Though Kaplan has called his book Dark Territory: The Secret History of Cyber War, the book hardly reveals any secrets. It seems like a book which is based on briefings, commission reports and studies by several bodies in the US. Take for instance, the chapter that talks about Edward Snowden — it merely carries the view points of a committee that was made by the US President Barrack Obama for the case.

As per Kaplan’s book, “a handful of technical savants, from just down the street or the other side of the globe, could devastate the nation.” But it doesn’t answer the question as to why does the world or at least the US fear a “Cyber Pearl Harbor?”

The book also covers several activities spread out over a wide range of areas such as digital espionage, intellectual property theft and cyber crimes costing millions of dollars.
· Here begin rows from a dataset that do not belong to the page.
(* Let $\sum_{\mathbf n\in\mathbb N_0^d}a_{\mathbf n}W_{\mathbf n}$ be a $d$-fold Walsh series and $\tau$ the quasimeasure generated by it. If $\mathbf g\notin\operatorname{supp}\tau$, then there is $w=w(\mathbf g)\in\mathbb N_0$ such that $S_{2^w\mathbf M}(\mathbf g)=0$ for all $\mathbf M\in\mathbb N^d$. As $w$ one may take the smallest rank of a dyadic cube $\Delta^{(w)}\ni\mathbf g$ such that $\tau(\Delta)=0$ for every dyadic cube $\Delta\subset\Delta^{(w)}$.
   Context: Fix $d\ge2$. $\mathbb G$ is the dyadic group: sequences $g=(g_k)_{k\ge0}$, $g_k\in\{0,1\}$, coordinatewise addition mod 2, product topology; $\mathbb G^d$ its $d$-th power. For $n\in\mathbb N_0$, $n=\sum_kn_k2^k$, $n_k\in\{0,1\}$. Dyadic interval of rank $k$: $\Delta^{(k)}_m=\{g: g_t=m_{k-1-t},\ 0\le t<k\}$; dyadic cube of rank $k$: $\Delta^{(k)}_{\mathbf m}=\prod_l\Delta^{(k)}_{m^l}$. Vector order coordinatewise, $\mathbf 1=(1,\dots,1)$. Walsh functions $W_n(g)=\prod_k(-1)^{g_kn_k}$, $W_{\mathbf n}(\mathbf g)=\prod_lW_{n^l}(g^l)$. Partial sums $S_{\mathbf N}(\mathbf g)=\sum_{\mathbf n<\mathbf N}a_{\mathbf n}W_{\mathbf n}(\mathbf g)$. Quasimeasure: $\tau$ on dyadic cubes with $\tau(\Delta^{(k)}_{\mathbf m})=\sum_{\boldsymbol\sigma\in\{0,1\}^d}\tau(\Delta^{(k+1)}_{2\mathbf m+\boldsymbol\sigma})$; generated by the series via $\tau(\Delta^{(k)})=2^{-kd}S_{2^k\mathbf 1}(\mathbf g)$, $\mathbf g\in\Delta^{(k)}$. The support $\operatorname{supp}\tau$ is $\mathbb G^d\setminus U$, where $U$ is the union of all dyadic cubes $\Delta_0$ such that $\tau(\Delta)=0$ for every dyadic cube $\Delta\subset\Delta_0$. *)

From HB Require Import structures.
From mathcomp Require Import all_boot all_order all_algebra.
From mathcomp Require Import reals.
Set Implicit Arguments. Unset Strict Implicit. Unset Printing Implicit Defensive.
Import Order.TTheory GRing.Theory Num.Theory.
Local Open Scope ring_scope.

(* The dyadic group G: sequences (g_k)_{k>=0} of bits. *)
Definition dyad := nat -> bool.
(* G^d : d-tuples of dyadic sequences; g l k is the k-th bit of the l-th coordinate. *)
Definition dyadv (d : nat) := 'I_d -> dyad.

Definition nbit (n k : nat) : bool := odd (n %/ 2 ^ k).

(* Walsh function W_n(g) = prod_k (-1)^(g_k n_k); digits n_k vanish for k >= n. *)
Definition walsh {R : realType} (n : nat) (g : dyad) : R :=
  \prod_(k < n) (if nbit n k && g k then -1 else 1).

Definition walshv {R : realType} (d : nat) (n : 'I_d -> nat) (g : dyadv d) : R :=
  \prod_(l < d) walsh (n l) (g l).

Definition psum {R : realType} (d : nat) (a : ('I_d -> nat) -> R)
    (N : 'I_d -> nat) (g : dyadv d) : R :=
  \sum_(n : {ffun 'I_d -> 'I_(\max_(l < d) N l)%N} | [forall l, (n l < N l)%N])
     a (fun l => nat_of_ord (n l)) * walshv (fun l => nat_of_ord (n l)) g.

(* The dyadic cube of rank k containing h:
   { g | g^l_t = h^l_t for all l and all t < k }.  Every dyadic cube
   Delta^(k)_m is of this form (for any h in it). *)
Definition cube (d : nat) (k : nat) (h : dyadv d) : dyadv d -> Prop :=
  fun g => forall (l : 'I_d) (t : nat), (t < k)%N -> g l t = h l t.

(* Quasimeasure generated by the series:
   tau(Delta^(k)) = 2^(-kd) S_{2^k 1}(h) for h in Delta^(k). *)
Definition tau {R : realType} (d : nat) (a : ('I_d -> nat) -> R)
    (k : nat) (h : dyadv d) : R :=
  ((2 ^ (k * d))%:R)^-1 * psum a (fun _ => 2 ^ k)%N h.

Definition tau_null_cube {R : realType} (d : nat) (a : ('I_d -> nat) -> R)
    (k : nat) (h : dyadv d) : Prop :=
  forall (k' : nat) (h' : dyadv d),
    (forall g, cube k' h' g -> cube k h g) -> tau a k' h' = 0.

(* g lies in the support of tau iff it is not in the union U of all dyadic
   cubes Delta_0 on whose subcubes tau vanishes. *)
Definition in_supp {R : realType} (d : nat) (a : ('I_d -> nat) -> R)
    (g : dyadv d) : Prop :=
  ~ (exists (k : nat) (h : dyadv d), cube k h g /\ tau_null_cube a k h).

Definition null_rank {R : realType} (d : nat) (a : ('I_d -> nat) -> R)
    (g : dyadv d) (w : nat) : Prop :=
  exists h : dyadv d, cube w h g /\ tau_null_cube a w h.

From HB Require Import structures.
From mathcomp Require Import all_boot all_order all_algebra.
From mathcomp Require Import reals.
From mathcomp Require Import ring.
From Stdlib Require Import Classical FunctionalExtensionality.
Set Implicit Arguments. Unset Strict Implicit. Unset Printing Implicit Defensive.
Import Order.TTheory GRing.Theory Num.Theory.
Local Open Scope ring_scope.

(* Let [Delta^(w)] be a cube through [g] on all of whose subcubes [tau]
   vanishes, so that [S_(2^K 1)] vanishes on [Delta^(w)] for every [K >= w].
   By orthogonality of the Walsh functions on the [2^(Kd)] cubes of rank [K],
   for [K] large [S_(2^w M)(g)] is the average of [S_(2^K 1)] against the
   Dirichlet kernel [D_(2^w M)(. + g)], and this kernel is supported in
   [Delta^(w)] because [D_(2^w) = 2^w 1_(Delta^(w))]. Hence every term of the
   average vanishes. Any rank of such a cube works, minimal or not. *)

Lemma nbit_small (n k : nat) : (n < 2 ^ k)%N -> nbit n k = false.
Proof. by move=> h; rewrite /nbit divn_small. Qed.

Lemma nbit0 (n : nat) : nbit n 0 = odd n.
Proof. by rewrite /nbit expn0 divn1. Qed.

Lemma nbitS (n t : nat) : nbit n t.+1 = nbit n./2 t.
Proof. by rewrite /nbit expnS divnMA divn2. Qed.

Lemma nbitD (n w t : nat) : nbit n (w + t) = nbit (n %/ 2 ^ w) t.
Proof. by rewrite /nbit expnD divnMA. Qed.

Lemma nbit_inj (L a b : nat) : (a < 2 ^ L)%N -> (b < 2 ^ L)%N ->
  (forall t, (t < L)%N -> nbit a t = nbit b t) -> a = b.
Proof.
elim: L a b => [|L IH] a b ha hb eq_bits.
  by move: ha hb; rewrite expn0 !ltnS !leqn0 => /eqP -> /eqP ->.
have eq_odd : odd a = odd b by rewrite -!nbit0; apply: eq_bits.
have eq_half : a./2 = b./2.
  apply: IH; try by rewrite -divn2 ltn_divLR // -expnSr.
  by move=> t ht; rewrite -!nbitS; apply: eq_bits.
by rewrite -[a]odd_double_half -[b]odd_double_half eq_odd eq_half.
Qed.

Definition sign_bit (R : pzRingType) (b c : bool) : R := if b && c then -1 else 1.

Lemma prod_sign_nbit_widen (R : pzRingType) (n L L' : nat) (g : dyad) :
  (L <= L')%N -> (n < 2 ^ L)%N ->
  \prod_(k < L) sign_bit R (nbit n k) (g k) =
  \prod_(k < L') sign_bit R (nbit n k) (g k).
Proof.
move=> le_LL' lt_n.
rewrite (big_ord_widen L' (fun k => sign_bit R (nbit n k) (g k)) le_LL') big_mkcond.
apply: eq_bigr => k _; case: ltnP => le_Lk //.
by rewrite nbit_small // (leq_trans lt_n) // leq_exp2l.
Qed.

Lemma walshE (R : realType) (K n : nat) (g : dyad) : (n < 2 ^ K)%N ->
  walsh n g = \prod_(k < K) sign_bit R (nbit n k) (g k).
Proof.
move=> lt_n; have lt_nn : (n < 2 ^ n)%N by apply: ltn_expl.
rewrite /walsh (@prod_sign_nbit_widen R n n (maxn n K)) ?leq_maxl //.
by rewrite -(@prod_sign_nbit_widen R n K (maxn n K)) ?leq_maxr.
Qed.

Definition dyad_of_bits (K : nat) (y : {ffun 'I_K -> bool}) : dyad :=
  fun t => if insub t is Some i then y i else false.

Lemma dyad_of_bitsE (K : nat) (y : {ffun 'I_K -> bool}) (i : 'I_K) :
  dyad_of_bits y i = y i.
Proof. by rewrite /dyad_of_bits valK. Qed.

Definition dyadv_of_bits (d K : nat) (x : {ffun 'I_d -> {ffun 'I_K -> bool}}) : dyadv d :=
  fun l => dyad_of_bits (x l).

Lemma prod_indicatorM (R : comPzSemiRingType) (I : finType) (P : pred I) (F : I -> R) :
  \prod_i ((P i)%:R * F i) = [forall i, P i]%:R * \prod_i F i.
Proof.
rewrite big_split /=; congr (_ * _).
case: (boolP [forall i, P i]) => [/forallP allP | /forallPn [i notPi]].
  by apply: big1 => i _; rewrite allP.
by rewrite (bigD1 i) //= (negbTE notPi) mul0r.
Qed.

Lemma forall_nbit_shift (w K n j : nat) :
  (n < 2 ^ K)%N -> (w <= K)%N -> (j < 2 ^ (K - w))%N ->
  [forall k : 'I_K, (k < w)%N || (nbit n k == nbit j (k - w))] = (n %/ 2 ^ w == j)%N.
Proof.
move=> lt_n le_wK lt_j; apply/forallP/eqP => [eq_bits | <- k].
  apply: (@nbit_inj (K - w)) => //.
    by rewrite ltn_divLR ?expn_gt0 // -expnD subnK.
  move=> t lt_t; have lt_wt : (w + t < K)%N by rewrite -ltn_subRL.
  have := eq_bits (Ordinal lt_wt); rewrite /= ltnNge leq_addr addKn => /eqP <-.
  by rewrite nbitD.
by case: (ltnP k w) => //= le_wk; rewrite -nbitD subnKC.
Qed.

Section Dirichlet.

Variable R : realType.

(* For [2^w m <= 2^K], [dirichlet1 w m gl y] is [2^-K D_(2^w m)(y + gl)] with
   [D_N = sum_(n < N) W_n], written as a product over the [K] bits of [y] using
   [D_(2^w m)(z) = 2^w 1_(z_0 = ... = z_(w-1) = 0) sum_(j < m) W_j(z_w, z_(w+1), ...)];
   the product form makes its Walsh coefficients computable bit by bit. *)
Definition dirichlet_factor (w j : nat) (gl : dyad) (k : nat) (c : bool) : R :=
  if (k < w)%N then (c == gl k)%:R
  else 2^-1 * (sign_bit R (nbit j (k - w)) c * sign_bit R (nbit j (k - w)) (gl k)).

Definition dirichlet_block (w j : nat) (gl : dyad) (K : nat) (y : {ffun 'I_K -> bool}) : R :=
  \prod_(k < K) dirichlet_factor w j gl k (y k).

Definition dirichlet1 (w m : nat) (gl : dyad) (K : nat) (y : {ffun 'I_K -> bool}) : R :=
  \sum_(j < m) dirichlet_block w j gl y.

Definition dirichlet (d w K : nat) (M : 'I_d -> nat) (g : dyadv d)
    (x : {ffun 'I_d -> {ffun 'I_K -> bool}}) : R :=
  \prod_(l < d) dirichlet1 w (M l) (g l) (x l).

Lemma dirichlet_factor_sign (w j : nat) (gl : dyad) (k : nat) (b : bool) :
  \sum_(c : bool) dirichlet_factor w j gl k c * sign_bit R b c =
  ((k < w)%N || (b == nbit j (k - w)))%:R * sign_bit R b (gl k).
Proof.
rewrite big_bool /dirichlet_factor /sign_bit.
by case: (k < w)%N; case: b; case: (gl k); case: (nbit j (k - w)) => /=; field.
Qed.

Lemma dirichlet_block_walsh (w j K n : nat) (gl : dyad) :
  (n < 2 ^ K)%N -> (w <= K)%N -> (j < 2 ^ (K - w))%N ->
  \sum_(y : {ffun 'I_K -> bool}) dirichlet_block w j gl y * walsh n (dyad_of_bits y) =
  (n %/ 2 ^ w == j)%N%:R * walsh n gl.
Proof.
move=> lt_n le_wK lt_j.
transitivity (\prod_(k < K) \sum_(c : bool)
                dirichlet_factor w j gl k c * sign_bit R (nbit n k) c).
  rewrite bigA_distr_bigA; apply: eq_bigr => y _.
  rewrite (walshE R _ lt_n) /dirichlet_block -big_split /=.
  by apply: eq_bigr => k _; rewrite dyad_of_bitsE.
under eq_bigr do rewrite dirichlet_factor_sign.
by rewrite prod_indicatorM forall_nbit_shift // -(walshE R _ lt_n).
Qed.

Lemma dirichlet1_walsh (w m K n : nat) (gl : dyad) :
  (n < 2 ^ K)%N -> (w <= K)%N -> (2 ^ w * m <= 2 ^ K)%N ->
  \sum_(y : {ffun 'I_K -> bool}) dirichlet1 w m gl y * walsh n (dyad_of_bits y) =
  (n < 2 ^ w * m)%N%:R * walsh n gl.
Proof.
move=> lt_n le_wK le_m.
have le_m' : (m <= 2 ^ (K - w))%N.
  by rewrite -(leq_pmul2l (expn_gt0 2 w)) -expnD subnKC.
under eq_bigr do rewrite /dirichlet1 mulr_suml.
rewrite exchange_big /=.
under eq_bigr => j _ do rewrite dirichlet_block_walsh // ?(leq_trans (ltn_ord j)) //.
rewrite -mulr_suml -natr_sum; congr (_%:R * _).
rewrite mulnC -ltn_divLR ?expn_gt0 //.
case: ltnP => [lt_q | le_q].
  rewrite (bigD1 (Ordinal lt_q)) //= eqxx big1 // => j ne_j.
  by move: ne_j; rewrite -val_eqE /= eq_sym => /negbTE ->.
apply: big1 => j _; rewrite gtn_eqF //; exact: leq_trans (ltn_ord j) le_q.
Qed.

Lemma dirichlet1_eq0 (w m K : nat) (gl : dyad) (y : {ffun 'I_K -> bool}) (t : 'I_w) :
  (w <= K)%N -> dyad_of_bits y t != gl t -> dirichlet1 w m gl y = 0.
Proof.
move=> le_wK ne_t; apply: big1 => j _.
rewrite /dirichlet_block (bigD1 (widen_ord le_wK t)) //= /dirichlet_factor /= ltn_ord.
by rewrite -(dyad_of_bitsE y (widen_ord le_wK t)) (negbTE ne_t) mul0r.
Qed.

Lemma dirichlet_eq0 (d w K : nat) (M : 'I_d -> nat) (g : dyadv d)
    (x : {ffun 'I_d -> {ffun 'I_K -> bool}}) (l : 'I_d) (t : 'I_w) :
  (w <= K)%N -> dyadv_of_bits x l t != g l t -> dirichlet w M g x = 0.
Proof.
by move=> le_wK ne_t; rewrite /dirichlet (bigD1 l) //= (dirichlet1_eq0 _ le_wK ne_t) mul0r.
Qed.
Now these topics again get a drifting or quick focus in the textual world of this book which weirdly re-narrates the cyber history viewed through the corridors of Washington DC. And when private subjects do appear, they are more like — so and so company failed to abide to the government’s requests.

In a similar manner, the book refers to foreign governments as little black boxes. According to a review of this book by the New York Times, the senior government officials in Washington are having a hard time believing and accepting a simple fact — the United States which created the internet to enhance its military prowess seems to have lost the control over it.

The book, Dark Territory: The Secret History of Cyber War carries a lot of information about the cyber horrors and advancements that took place over the years. It is highly informative as it manages to carry almost all the important aspects. But again the book’s viewpoint is very specific, it sticks to the point of view of the NSA, the White house and other government agencies.

Overall, the book makes for a very good and interesting read, but if you are someone who likes to get to the bottom of a problem or a fact, the book will disappoint you.